Atlas and Gabe escort me home after Kieran transports us back to the Sanctuary.
We’re quiet as we walk through the dark streets, the half-built houses all looming over us with patchy shadows, and my heart feels heavy that we’ve left the others behind.
North and Gryphon were still questioning Jericho, pulling apart all of the information he’d given us until they find something that might actually be useful, but Nox had stayed behind just to fuck with him. Not that he said that, he’d barely reacted when Gryphon had told Kieran to bring us home, but there’s a way that he holds himself that gives away his dark intent.
Jericho will probably be torn apart by shadows by the end of the night.
My chest still aches to leave them though, and I find myself unable to bear the silence any longer. “Do you think they’ll come home tonight?”
My voice is too thready for my liking, my emotions coming through a little too raw and weepy. Even though I know that these two Bonded would never call me out for it or make fun of me, it’s still too much for me to take.

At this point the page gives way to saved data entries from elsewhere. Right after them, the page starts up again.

(* Let $G$ be a finite undirected graph, $\tau\ge1$ an integer, $v\in V(G)$, and $e=(u,v)\in E(G)$. Then $\phi_\tau(e,G)\ge|V(\Omega(v))|$.
   Context: Graphs are finite, simple, undirected and unweighted; paths may repeat vertices and their length is the number of edges. For vertices $v,u$ of a graph $H$, $u$ is $\tau$-hop reachable from $v$ in $H$ (written $u\rightarrow_\tau v$) if there is a path between them in $H$ of length at most $\tau$. $N_\tau(v,H)$ is the set of vertices $u\ne v$ that are $\tau$-hop reachable from $v$ in $H$. For an edge $e=(u,v)$ of $H$, $\Delta_\tau(e,H)=N_\tau(u,H)\cap N_\tau(v,H)$ and $\mathrm{sup}_\tau(e,H)=|\Delta_\tau(e,H)|$. The $(k,\tau)$-truss of $G$ is the maximal subgraph $G'$ of $G$ such that $\mathrm{sup}_\tau(e,G')\ge k-2$ for every $e\in E(G')$ (supports computed inside $G'$) and no more edges of $G$ can be added while keeping this property. The higher-order truss number $\phi_\tau(e,G)$ is the maximum $k$ such that $e$ belongs to the $(k,\tau)$-truss of $G$. The vertex centric $\tau$-diameter subgraph $\Omega(v)$ of $v$ is the subgraph of $G$ induced by $\{v\}\cup\{w : w\rightarrow_{\lfloor\tau/2\rfloor} v \text{ in } G\}$. *)

(* Graphs: a finite type T of vertices with a symmetric,
   irreflexive boolean adjacency relation g. Subgraphs are represented by
   their (symmetric) sets of ordered edge pairs. *)
From mathcomp Require Import all_boot.
Set Implicit Arguments. Unset Strict Implicit. Unset Printing Implicit Defensive.

(* y is t-hop reachable from x along R: a walk x = x0, x1, ..., xn = y with
   R x_i x_{i+1} and n <= t (vertices may repeat). *)
Definition reach (T : finType) (R : rel T) (t : nat) (x y : T) : bool :=
  [exists n : 'I_t.+1, exists p : n.-tuple T, path R x p && (last x p == y)].

Definition Nt (T : finType) (R : rel T) (t : nat) (v : T) : {set T} :=
  [set w | (w != v) && reach R t v w].

Definition erel (T : finType) (E : {set T * T}) : rel T := fun a b => (a, b) \in E.

Definition gedges (T : finType) (g : rel T) : {set T * T} := [set p | g p.1 p.2].

Definition sup (T : finType) (t : nat) (E : {set T * T}) (e : T * T) : nat :=
  #|Nt (erel E) t e.1 :&: Nt (erel E) t e.2|.

Definition kt_valid (T : finType) (g : rel T) (k t : nat) (E : {set T * T}) : bool :=
  [&& E \subset gedges g,
      [forall p in E, (p.2, p.1) \in E] &
      [forall p in E, k - 2 <= sup t E p]].

Definition kt_truss_mem (T : finType) (g : rel T) (k t : nat) (e : T * T) : bool :=
  [exists E : {set T * T},
    [&& kt_valid g k t E,
        [forall E' : {set T * T}, ((E \subset E') && kt_valid g k t E') ==> (E' == E)] &
        e \in E]].

(* higher-order truss number: the maximum k with e in the (k,t)-truss.
   (Any such k satisfies k <= #|T|, since supports are at most #|T| - 2,
   so the range bound #|T|.+3 loses nothing.) *)
Definition phi (T : finType) (g : rel T) (t : nat) (e : T * T) : nat :=
  \max_(k < #|T|.+3 | kt_truss_mem g k t e) k.

Definition Omega_V (T : finType) (g : rel T) (t : nat) (v : T) : {set T} :=
  v |: [set w | reach g t./2 v w].

(* Walks of length at most t./2 from v stay inside Omega(v), so any two
   vertices of Omega(v) are joined by a walk of length at most t inside the
   subgraph induced by Omega(v).  Hence in that subgraph every edge has all
   other vertices of Omega(v) as common t-hop neighbours, i.e. it is a valid
   (|Omega(v)|, t)-subgraph; for t >= 2 it contains the edge (u, v).  For
   t = 1, Omega(v) = {v} and the whole graph is a valid (2, t)-subgraph. *)
From mathcomp Require Import all_boot.

Set Implicit Arguments.
Unset Strict Implicit.
Unset Printing Implicit Defensive.

Section Reach.
Variables (T : finType) (R : rel T).

Lemma reachP m x y :
  reflect (exists p : seq T, [/\ size p <= m, path R x p & last x p = y])
          (reach R m x y).
Proof.
apply: (iffP existsP).
  case=> n /existsP [p /andP [Hp /eqP Hl]].
  by exists (tval p); rewrite size_tuple -ltnS ltn_ord.
case=> p [Hs Hp Hl].
have Hn : size p < m.+1 by [].
exists (Ordinal Hn); apply/existsP; exists (in_tuple p).
by rewrite /= Hp Hl eqxx.
Qed.

Lemma reach0 x y : reach R 0 x y = (x == y).
Proof.
apply/reachP/eqP => [[[|a p] [//= _ _ ->]] | ->] //.
by exists [::].
Qed.

Lemma reach_mono m n x y : m <= n -> reach R m x y -> reach R n x y.
Proof.
move=> le_mn /reachP [p [Hs Hp Hl]]; apply/reachP; exists p.
by split=> //; apply: leq_trans Hs le_mn.
Qed.

Lemma reach_cat m n x y z :
  reach R m x y -> reach R n y z -> reach R (m + n) x z.
Proof.
move=> /reachP [p [Hs Hp Hl]] /reachP [q [Hs' Hq Hl']].
apply/reachP; exists (p ++ q); split.
- by rewrite size_cat leq_add.
- by rewrite cat_path Hp Hl.
- by rewrite last_cat Hl.
Qed.

Lemma reach_sym m x y : symmetric R -> reach R m x y -> reach R m y x.
Proof.
move=> Rsym /reachP [p [Hs Hp Hl]]; apply/reachP.
exists (rev (belast x p)); split.
- by rewrite size_rev size_belast.
- by rewrite -Hl rev_path; under eq_path do rewrite Rsym.
- case: p Hs Hp Hl => [|a p] /= _ _ Hl; first by rewrite Hl.
  by rewrite rev_cons last_rcons.
Qed.

Lemma reach_mem_path m x p y :
  path R x p -> size p <= m -> y \in p -> reach R m x y.
Proof.
move=> Hp Hs Hy; apply/reachP.
have Hi : index y p < size p by rewrite index_mem.
exists (take (index y p).+1 p); split.
- by apply: leq_trans _ Hs; rewrite size_take_min geq_minr.
- exact: take_path.
- by rewrite (last_nth x) size_take_min (minn_idPl Hi) /= nth_take // nth_index.
Qed.

End Reach.

Lemma reach_in_ball (T : finType) (R R' : rel T) m x y (B : {set T}) :
  x \in B -> (forall w, reach R m x w -> w \in B) -> {in B &, subrel R R'} ->
  reach R m x y -> reach R' m x y.
Proof.
move=> Bx ball_B subRR' /reachP [p [Hs Hp Hl]]; apply/reachP; exists p; split=> //.
have p_in_B : all (mem B) (x :: p).
  apply/allP => w; rewrite in_cons => /predU1P [-> // | Hw].
  exact: ball_B (reach_mem_path Hp Hs Hw).
exact: sub_in_path p_in_B Hp.
Qed.

Section Truss.
Variables (T : finType) (g : rel T).

Lemma kt_valid_leq_phi k t (E : {set T * T}) e :
  kt_valid g k t E -> e \in E -> k <= phi g t e.
Proof.
move=> validE eE.
have lt_k : k < #|T|.+3.
  case/and3P: validE => _ _ /forallP /(_ e); rewrite eE /= => supe.
  by rewrite ltnS -add2n -leq_subLR (leq_trans supe) ?max_card.
(* A valid superset of E of maximal cardinality is maximal for inclusion. *)
pose P E' := kt_valid g k t E' && (E \subset E').
have PE : P E by rewrite /P validE subxx.
case: (arg_maxnP (fun E' : {set T * T} => #|E'|) PE) => Em /andP [validEm sub_EEm] maxEm.
rewrite -[k]/(nat_of_ord (Ordinal lt_k)); apply: leq_bigmax_cond.
apply/existsP; exists Em; rewrite validEm (subsetP sub_EEm) //= andbT.
apply/forallP => E'; apply/implyP => /andP [sub_EmE' validE'].
have le_card : #|E'| <= #|Em| by apply: maxEm; rewrite /P validE' (subset_trans sub_EEm).
by rewrite eq_sym eqEcard sub_EmE' le_card.
Qed.

Hypothesis gsym : symmetric g.

Lemma kt_valid_gedges t : kt_valid g 2 t (gedges g).
Proof.
apply/and3P; split=> //; apply/forallP => p; apply/implyP => //.
by rewrite !inE gsym.
Qed.

Definition induced (S : {set T}) : {set T * T} :=
  [set p | [&& g p.1 p.2, p.1 \in S & p.2 \in S]].

Lemma erel_induced S a b : erel (induced S) a b = [&& g a b, a \in S & b \in S].
Proof. by rewrite /erel inE. Qed.

Lemma induced_sym S : symmetric (erel (induced S)).
Proof. by move=> a b; rewrite !erel_induced gsym [(a \in S) && _]andbC. Qed.

Hypothesis girr : irreflexive g.

Lemma kt_valid_induced t (S : {set T}) :
  {in S &, forall a b, reach (erel (induced S)) t a b} ->
  kt_valid g #|S| t (induced S).
Proof.
move=> reachS; apply/and3P; split.
- by apply/subsetP => p; rewrite !inE => /andP [].
- by apply/forallP => -[a b]; apply/implyP; rewrite -!/(erel _ _ _) induced_sym.
apply/forallP => -[a b]; apply/implyP; rewrite inE /= => /and3P [gab Sa Sb].
have neq_ab : a != b by apply: contraTneq gab => ->; rewrite girr.
have sub_common : S :\ a :\ b \subset Nt (erel (induced S)) t a :&: Nt (erel (induced S)) t b.
  apply/subsetP => w; rewrite !in_setD1 => /and3P [Hwb Hwa Sw].
  by rewrite in_setI !inE Hwb Hwa !reachS.
apply: leq_trans (subset_leq_card sub_common).
rewrite leq_subLR (cardsD1 a S) Sa (cardsD1 b (S :\ a)) in_setD1 eq_sym neq_ab Sb.
by rewrite addnA.
Qed.

Lemma Omega_V_reach t v :
  {in Omega_V g t v &, forall a b, reach (erel (induced (Omega_V g t v))) t a b}.
Proof.
have reach_v w : w \in Omega_V g t v -> reach (erel (induced (Omega_V g t v))) t./2 v w.
  rewrite !inE => /predU1P [-> | ]; first by apply/reachP; exists [::].
  apply: (reach_in_ball (B := Omega_V g t v)); first exact: setU11.
    by move=> x vx; rewrite !inE vx orbT.
  by move=> a b Sa Sb gab; rewrite erel_induced gab Sa Sb.
move=> a b Sa Sb.
apply: reach_mono (reach_cat (reach_sym (induced_sym _) (reach_v a Sa)) (reach_v b Sb)).
by rewrite addnn -{2}(odd_double_half t) leq_addl.
Qed.

End Truss.

Lemma Omega_V_le1 (T : finType) (g : rel T) t v : t <= 1 -> Omega_V g t v = [set v].
Proof.
move=> t_le1; rewrite /Omega_V; have -> : t./2 = 0 by case: t t_le1 => [|[]].
by apply/setP => w; rewrite !inE reach0 eq_sym orbb.
Qed.

Lemma mem_Omega_V (T : finType) (g : rel T) t v u :
  1 < t -> g v u -> u \in Omega_V g t v.
Proof.
move=> t_gt1 gvu; rewrite !inE; apply/orP; right; apply/reachP.
by exists [:: u]; rewrite /= gvu -[1]/(2./2) half_leq.
Qed.

Theorem lemma4 (T : finType) (g : rel T) (gsym : symmetric g)
    (girr : irreflexive g) (t : nat) (ht : 1 <= t) (u v : T) (huv : g u v) :
  #|Omega_V g t v| <= phi g t (u, v).
Proof.
have uv_edge : (u, v) \in gedges g by rewrite inE.
case: (leqP t 1) => [t_le1 | t_gt1].
  rewrite Omega_V_le1 // cards1.
  exact: leq_trans _ (kt_valid_leq_phi (kt_valid_gedges gsym t) uv_edge).
apply: (kt_valid_leq_phi (kt_valid_induced gsym girr (@Omega_V_reach _ _ gsym t v))).
by rewrite inE /= huv setU11 mem_Omega_V // gsym.
Qed.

Gabe runs a hand through his hair as he blows out a breath, his arm flexing beautifully and his shirt rising up a little to show a sliver of golden skin around his hips that I want to taste.
I swallow roughly and glance away, catching Atlas’ eye as I do, and he’s smirking at me. I guess I am sort of drooling at Gabe as though he’s a piece of meat right there in front of him.
At least he doesn’t look pissed off about it.
“I doubt they’ll be home tonight, Sweetness, but we can keep your mind off of them.”